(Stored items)
_____

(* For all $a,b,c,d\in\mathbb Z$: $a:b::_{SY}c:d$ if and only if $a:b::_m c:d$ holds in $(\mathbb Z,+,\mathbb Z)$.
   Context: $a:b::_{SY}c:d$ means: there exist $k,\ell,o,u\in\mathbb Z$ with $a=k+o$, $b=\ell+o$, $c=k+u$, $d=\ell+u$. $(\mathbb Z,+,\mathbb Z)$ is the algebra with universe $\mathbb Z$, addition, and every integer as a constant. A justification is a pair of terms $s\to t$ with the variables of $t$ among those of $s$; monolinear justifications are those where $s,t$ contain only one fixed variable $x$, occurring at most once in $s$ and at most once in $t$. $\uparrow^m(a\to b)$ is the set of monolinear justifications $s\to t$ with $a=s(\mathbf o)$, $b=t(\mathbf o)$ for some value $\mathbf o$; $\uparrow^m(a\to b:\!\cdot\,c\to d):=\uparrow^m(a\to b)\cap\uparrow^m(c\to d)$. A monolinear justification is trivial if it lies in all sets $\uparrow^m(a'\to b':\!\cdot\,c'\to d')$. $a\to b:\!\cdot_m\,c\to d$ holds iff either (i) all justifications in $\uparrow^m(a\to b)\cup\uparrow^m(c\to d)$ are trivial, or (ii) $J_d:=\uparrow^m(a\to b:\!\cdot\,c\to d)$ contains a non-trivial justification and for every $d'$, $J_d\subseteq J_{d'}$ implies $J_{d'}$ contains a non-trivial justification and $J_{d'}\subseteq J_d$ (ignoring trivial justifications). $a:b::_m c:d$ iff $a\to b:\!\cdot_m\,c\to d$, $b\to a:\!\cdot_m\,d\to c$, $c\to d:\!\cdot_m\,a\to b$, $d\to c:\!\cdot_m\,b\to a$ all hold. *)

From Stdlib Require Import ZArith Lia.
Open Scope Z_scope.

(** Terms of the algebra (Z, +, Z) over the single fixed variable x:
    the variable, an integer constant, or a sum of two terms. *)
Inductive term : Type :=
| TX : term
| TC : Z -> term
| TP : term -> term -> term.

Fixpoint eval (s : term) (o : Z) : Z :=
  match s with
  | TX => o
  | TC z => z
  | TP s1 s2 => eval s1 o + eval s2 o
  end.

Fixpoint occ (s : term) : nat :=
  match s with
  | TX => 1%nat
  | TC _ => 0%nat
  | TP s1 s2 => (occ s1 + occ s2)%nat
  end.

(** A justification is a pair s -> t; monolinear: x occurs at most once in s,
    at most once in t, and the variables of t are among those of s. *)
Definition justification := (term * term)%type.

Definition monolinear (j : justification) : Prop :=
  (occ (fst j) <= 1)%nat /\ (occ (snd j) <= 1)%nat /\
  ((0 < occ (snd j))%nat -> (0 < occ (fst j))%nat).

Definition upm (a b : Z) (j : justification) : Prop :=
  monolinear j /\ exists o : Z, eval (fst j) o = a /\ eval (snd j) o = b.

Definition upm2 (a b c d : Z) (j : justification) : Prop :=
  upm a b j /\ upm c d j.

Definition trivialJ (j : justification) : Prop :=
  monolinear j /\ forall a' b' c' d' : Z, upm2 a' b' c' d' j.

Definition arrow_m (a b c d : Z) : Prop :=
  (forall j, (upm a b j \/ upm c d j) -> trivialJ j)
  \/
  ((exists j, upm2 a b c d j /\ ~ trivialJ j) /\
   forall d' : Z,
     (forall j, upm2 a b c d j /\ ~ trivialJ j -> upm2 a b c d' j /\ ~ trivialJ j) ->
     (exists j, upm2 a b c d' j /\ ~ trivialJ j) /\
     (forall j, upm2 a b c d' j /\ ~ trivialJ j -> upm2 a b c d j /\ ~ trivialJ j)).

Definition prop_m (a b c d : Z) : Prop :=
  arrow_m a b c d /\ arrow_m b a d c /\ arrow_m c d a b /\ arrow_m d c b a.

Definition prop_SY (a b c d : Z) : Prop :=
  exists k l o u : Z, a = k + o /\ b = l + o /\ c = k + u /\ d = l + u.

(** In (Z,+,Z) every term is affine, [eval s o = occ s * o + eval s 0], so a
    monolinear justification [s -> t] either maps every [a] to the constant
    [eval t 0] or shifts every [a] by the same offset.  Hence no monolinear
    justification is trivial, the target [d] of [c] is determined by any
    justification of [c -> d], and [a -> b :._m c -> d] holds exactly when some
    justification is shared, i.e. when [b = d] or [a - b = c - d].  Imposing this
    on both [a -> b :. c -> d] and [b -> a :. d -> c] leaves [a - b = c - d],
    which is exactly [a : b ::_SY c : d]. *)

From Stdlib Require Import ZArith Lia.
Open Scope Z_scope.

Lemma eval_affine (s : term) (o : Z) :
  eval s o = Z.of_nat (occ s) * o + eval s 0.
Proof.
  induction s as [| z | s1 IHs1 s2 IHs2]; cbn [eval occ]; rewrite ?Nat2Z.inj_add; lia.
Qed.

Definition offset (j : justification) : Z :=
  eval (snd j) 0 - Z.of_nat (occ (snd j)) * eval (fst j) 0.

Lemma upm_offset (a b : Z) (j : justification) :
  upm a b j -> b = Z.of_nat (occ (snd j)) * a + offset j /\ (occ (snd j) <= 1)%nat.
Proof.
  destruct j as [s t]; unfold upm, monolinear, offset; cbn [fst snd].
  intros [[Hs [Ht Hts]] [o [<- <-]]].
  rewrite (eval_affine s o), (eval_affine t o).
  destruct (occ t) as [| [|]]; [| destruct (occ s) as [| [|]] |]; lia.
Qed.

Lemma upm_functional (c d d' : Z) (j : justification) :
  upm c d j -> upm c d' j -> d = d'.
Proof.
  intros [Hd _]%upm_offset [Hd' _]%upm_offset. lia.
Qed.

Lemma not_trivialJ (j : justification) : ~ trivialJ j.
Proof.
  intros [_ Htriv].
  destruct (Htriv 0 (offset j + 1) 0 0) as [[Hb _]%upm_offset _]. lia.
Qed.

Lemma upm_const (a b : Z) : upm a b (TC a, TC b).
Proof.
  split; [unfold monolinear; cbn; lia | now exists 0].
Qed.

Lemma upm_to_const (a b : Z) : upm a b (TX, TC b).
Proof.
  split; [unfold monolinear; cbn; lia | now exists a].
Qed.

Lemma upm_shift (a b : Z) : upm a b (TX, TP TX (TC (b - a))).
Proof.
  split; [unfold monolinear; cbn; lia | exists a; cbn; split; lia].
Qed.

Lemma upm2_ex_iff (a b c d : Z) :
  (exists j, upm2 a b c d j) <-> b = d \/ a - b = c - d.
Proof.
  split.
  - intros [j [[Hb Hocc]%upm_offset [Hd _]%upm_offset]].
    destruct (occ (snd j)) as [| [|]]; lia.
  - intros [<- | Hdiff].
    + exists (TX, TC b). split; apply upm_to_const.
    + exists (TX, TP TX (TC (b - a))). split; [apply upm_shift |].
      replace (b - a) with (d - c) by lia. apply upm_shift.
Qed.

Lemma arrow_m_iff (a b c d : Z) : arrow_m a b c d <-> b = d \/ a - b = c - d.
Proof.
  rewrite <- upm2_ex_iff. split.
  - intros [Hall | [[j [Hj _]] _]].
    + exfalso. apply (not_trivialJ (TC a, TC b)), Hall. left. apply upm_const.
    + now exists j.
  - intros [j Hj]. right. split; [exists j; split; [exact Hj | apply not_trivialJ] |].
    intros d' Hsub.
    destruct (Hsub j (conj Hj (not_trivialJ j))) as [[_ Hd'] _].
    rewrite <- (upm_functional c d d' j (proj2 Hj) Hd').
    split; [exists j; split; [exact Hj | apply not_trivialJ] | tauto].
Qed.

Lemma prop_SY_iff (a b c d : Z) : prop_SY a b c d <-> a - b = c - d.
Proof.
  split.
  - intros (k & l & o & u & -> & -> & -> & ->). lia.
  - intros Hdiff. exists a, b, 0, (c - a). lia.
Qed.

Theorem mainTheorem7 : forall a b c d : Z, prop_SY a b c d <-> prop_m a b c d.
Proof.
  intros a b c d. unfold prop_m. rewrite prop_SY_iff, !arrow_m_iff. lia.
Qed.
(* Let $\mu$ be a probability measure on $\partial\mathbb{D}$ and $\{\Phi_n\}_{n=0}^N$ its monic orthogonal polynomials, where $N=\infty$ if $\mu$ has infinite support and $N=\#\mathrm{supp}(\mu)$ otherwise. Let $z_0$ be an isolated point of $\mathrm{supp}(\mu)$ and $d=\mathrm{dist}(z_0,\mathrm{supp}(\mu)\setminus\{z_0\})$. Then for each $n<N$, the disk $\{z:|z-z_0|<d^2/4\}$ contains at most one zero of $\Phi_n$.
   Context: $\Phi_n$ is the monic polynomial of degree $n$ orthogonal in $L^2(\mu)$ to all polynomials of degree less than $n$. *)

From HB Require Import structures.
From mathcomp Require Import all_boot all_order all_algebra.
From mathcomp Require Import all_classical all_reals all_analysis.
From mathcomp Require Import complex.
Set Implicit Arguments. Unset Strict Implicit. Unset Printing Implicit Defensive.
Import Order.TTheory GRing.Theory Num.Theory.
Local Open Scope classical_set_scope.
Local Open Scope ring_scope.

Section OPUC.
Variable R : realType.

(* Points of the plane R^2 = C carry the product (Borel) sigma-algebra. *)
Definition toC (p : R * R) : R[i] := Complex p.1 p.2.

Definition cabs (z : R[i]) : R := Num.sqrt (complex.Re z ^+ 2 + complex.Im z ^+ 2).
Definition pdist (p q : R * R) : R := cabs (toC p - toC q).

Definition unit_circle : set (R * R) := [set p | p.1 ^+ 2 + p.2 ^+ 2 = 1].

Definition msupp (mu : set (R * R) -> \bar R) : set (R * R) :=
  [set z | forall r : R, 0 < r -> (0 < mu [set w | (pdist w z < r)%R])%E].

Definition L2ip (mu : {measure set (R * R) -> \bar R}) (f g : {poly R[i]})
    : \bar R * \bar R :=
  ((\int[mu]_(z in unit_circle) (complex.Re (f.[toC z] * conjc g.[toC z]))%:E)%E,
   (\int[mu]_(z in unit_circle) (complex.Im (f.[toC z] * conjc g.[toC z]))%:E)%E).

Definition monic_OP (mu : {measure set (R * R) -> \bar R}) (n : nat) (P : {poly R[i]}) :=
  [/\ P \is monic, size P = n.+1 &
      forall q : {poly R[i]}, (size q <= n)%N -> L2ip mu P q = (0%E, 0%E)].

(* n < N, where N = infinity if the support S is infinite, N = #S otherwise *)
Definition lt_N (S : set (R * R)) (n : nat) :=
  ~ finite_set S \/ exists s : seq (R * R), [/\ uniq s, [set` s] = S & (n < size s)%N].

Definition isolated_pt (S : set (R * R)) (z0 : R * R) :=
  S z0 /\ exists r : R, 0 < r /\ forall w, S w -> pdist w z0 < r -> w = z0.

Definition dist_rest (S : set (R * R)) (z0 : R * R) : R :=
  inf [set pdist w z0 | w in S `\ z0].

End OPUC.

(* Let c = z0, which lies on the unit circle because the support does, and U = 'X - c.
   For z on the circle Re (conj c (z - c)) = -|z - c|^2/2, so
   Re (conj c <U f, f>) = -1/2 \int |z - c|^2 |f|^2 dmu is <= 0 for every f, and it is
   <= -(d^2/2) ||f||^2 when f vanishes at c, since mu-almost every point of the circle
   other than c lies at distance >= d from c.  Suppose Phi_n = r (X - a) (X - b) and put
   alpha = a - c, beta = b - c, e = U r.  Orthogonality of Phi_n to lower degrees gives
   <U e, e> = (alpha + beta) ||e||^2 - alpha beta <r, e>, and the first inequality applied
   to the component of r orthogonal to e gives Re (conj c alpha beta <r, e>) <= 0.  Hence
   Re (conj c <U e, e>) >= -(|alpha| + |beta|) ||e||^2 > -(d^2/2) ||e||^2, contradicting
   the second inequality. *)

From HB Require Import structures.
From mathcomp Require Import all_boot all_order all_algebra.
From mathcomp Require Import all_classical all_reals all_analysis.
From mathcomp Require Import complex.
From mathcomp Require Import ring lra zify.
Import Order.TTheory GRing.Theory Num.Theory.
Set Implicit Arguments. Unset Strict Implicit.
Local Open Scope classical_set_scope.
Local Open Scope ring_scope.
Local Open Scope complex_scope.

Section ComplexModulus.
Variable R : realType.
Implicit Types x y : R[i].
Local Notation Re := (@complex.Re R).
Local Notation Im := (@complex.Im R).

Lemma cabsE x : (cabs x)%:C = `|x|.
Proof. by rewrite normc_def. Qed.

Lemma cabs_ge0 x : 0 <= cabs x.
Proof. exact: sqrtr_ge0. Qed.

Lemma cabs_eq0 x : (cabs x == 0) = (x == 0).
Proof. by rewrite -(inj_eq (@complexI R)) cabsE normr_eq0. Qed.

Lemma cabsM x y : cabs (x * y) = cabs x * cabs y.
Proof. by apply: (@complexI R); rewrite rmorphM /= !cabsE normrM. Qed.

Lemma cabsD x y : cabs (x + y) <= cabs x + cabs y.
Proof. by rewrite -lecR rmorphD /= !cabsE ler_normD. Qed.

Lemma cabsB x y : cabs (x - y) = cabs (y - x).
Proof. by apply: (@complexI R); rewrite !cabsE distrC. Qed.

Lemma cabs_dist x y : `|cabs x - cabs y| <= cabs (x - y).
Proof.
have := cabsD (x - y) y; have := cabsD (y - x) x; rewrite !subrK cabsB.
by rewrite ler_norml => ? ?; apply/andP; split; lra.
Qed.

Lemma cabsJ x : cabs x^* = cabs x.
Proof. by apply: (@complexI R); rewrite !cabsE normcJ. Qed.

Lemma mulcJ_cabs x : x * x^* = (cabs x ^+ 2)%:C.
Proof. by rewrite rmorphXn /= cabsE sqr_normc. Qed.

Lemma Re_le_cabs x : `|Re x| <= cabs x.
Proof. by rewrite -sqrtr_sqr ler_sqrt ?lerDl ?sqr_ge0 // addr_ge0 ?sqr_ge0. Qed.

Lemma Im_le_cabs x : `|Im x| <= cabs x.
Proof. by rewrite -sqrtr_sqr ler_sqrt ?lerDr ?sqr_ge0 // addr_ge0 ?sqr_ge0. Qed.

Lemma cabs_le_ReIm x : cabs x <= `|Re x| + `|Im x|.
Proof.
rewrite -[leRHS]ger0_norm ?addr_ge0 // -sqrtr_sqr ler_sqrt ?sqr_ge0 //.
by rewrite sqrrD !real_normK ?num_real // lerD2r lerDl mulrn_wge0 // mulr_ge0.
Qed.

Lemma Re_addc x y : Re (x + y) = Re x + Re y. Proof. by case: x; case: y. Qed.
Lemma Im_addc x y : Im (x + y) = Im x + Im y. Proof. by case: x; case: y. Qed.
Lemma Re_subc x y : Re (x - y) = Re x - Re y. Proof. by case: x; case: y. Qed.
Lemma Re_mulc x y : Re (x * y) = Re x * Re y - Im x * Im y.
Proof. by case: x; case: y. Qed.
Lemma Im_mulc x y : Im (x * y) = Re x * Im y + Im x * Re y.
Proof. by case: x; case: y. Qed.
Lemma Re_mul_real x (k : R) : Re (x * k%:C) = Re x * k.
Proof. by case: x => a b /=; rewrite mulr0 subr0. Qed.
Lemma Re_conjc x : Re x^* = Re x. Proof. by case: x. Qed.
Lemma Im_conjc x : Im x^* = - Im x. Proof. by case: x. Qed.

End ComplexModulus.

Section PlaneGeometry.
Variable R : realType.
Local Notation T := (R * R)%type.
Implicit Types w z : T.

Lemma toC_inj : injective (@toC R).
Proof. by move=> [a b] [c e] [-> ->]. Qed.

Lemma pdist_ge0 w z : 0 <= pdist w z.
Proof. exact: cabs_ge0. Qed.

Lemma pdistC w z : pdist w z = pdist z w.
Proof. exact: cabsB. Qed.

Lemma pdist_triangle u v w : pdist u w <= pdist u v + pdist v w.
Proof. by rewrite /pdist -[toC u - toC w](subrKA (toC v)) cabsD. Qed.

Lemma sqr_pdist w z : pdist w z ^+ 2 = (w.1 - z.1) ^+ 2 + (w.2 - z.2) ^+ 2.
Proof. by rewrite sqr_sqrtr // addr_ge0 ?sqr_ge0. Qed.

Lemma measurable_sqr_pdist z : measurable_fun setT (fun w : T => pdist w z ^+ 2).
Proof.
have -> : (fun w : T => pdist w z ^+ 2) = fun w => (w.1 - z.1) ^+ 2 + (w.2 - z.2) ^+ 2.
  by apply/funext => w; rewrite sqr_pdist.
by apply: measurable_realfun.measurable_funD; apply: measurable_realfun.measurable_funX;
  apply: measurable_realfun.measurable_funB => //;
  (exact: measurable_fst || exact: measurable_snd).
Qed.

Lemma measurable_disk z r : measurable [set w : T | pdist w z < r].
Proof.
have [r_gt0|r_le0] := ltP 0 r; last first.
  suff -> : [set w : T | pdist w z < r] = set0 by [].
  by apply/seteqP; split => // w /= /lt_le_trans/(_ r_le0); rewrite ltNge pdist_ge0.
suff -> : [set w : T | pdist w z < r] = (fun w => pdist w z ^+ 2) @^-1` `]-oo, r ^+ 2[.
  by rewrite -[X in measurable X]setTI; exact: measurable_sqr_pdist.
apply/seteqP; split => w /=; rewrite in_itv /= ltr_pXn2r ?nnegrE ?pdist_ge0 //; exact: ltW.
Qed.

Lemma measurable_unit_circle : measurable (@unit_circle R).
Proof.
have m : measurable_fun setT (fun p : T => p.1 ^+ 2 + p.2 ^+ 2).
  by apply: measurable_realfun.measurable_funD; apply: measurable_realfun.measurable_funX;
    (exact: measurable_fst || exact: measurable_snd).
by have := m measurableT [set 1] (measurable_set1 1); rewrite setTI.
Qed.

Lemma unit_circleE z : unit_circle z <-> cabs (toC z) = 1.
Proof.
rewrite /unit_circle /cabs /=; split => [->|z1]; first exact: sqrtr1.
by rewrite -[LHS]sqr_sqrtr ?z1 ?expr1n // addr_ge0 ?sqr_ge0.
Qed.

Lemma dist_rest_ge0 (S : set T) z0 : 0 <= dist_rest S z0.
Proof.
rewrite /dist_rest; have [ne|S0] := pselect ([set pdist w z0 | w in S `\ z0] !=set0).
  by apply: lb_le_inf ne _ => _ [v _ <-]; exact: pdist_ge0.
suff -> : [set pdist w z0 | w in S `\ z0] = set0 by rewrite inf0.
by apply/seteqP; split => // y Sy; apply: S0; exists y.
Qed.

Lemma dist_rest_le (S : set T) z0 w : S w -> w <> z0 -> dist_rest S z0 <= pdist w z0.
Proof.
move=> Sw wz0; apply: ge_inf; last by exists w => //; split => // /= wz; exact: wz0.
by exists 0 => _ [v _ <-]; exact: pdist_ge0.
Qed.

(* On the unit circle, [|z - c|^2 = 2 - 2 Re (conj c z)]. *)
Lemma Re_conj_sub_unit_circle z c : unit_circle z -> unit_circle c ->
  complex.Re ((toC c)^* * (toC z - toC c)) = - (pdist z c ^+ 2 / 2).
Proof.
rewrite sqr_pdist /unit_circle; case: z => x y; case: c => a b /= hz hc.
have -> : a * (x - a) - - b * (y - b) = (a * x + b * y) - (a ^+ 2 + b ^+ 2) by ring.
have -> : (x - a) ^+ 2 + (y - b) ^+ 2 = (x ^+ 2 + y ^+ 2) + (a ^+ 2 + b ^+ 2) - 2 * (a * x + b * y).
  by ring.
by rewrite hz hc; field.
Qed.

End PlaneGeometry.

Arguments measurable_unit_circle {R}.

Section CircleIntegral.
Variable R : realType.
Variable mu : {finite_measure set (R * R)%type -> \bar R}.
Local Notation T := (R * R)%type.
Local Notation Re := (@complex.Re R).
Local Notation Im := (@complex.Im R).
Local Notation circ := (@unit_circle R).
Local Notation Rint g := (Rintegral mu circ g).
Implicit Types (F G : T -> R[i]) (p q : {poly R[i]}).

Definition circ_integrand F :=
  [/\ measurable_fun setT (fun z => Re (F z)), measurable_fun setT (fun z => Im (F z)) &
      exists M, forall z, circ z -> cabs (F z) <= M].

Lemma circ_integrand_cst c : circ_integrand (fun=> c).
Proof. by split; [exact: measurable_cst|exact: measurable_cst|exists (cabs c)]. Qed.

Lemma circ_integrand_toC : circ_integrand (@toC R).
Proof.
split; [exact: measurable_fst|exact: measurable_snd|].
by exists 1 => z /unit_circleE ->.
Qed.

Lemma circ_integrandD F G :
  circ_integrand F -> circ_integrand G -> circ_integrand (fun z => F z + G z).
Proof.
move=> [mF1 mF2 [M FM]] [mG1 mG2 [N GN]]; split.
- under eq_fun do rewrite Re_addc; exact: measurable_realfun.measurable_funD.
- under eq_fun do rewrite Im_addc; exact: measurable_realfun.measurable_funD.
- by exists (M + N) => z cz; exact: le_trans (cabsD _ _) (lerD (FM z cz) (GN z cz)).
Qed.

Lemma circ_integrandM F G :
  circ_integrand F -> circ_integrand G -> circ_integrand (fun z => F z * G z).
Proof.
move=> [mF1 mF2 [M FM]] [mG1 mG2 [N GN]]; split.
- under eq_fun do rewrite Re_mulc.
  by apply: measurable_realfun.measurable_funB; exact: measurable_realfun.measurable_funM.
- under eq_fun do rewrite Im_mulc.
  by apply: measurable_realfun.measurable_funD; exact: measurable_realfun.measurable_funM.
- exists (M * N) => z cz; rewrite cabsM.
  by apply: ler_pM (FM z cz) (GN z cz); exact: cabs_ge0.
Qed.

_____

▸ **INSTRUCTIONS TO FOLLOW**: Using the data above, tally each line that has the string "Implicit" and report only the sum.

▸ **YOUR SOLUTION**: 5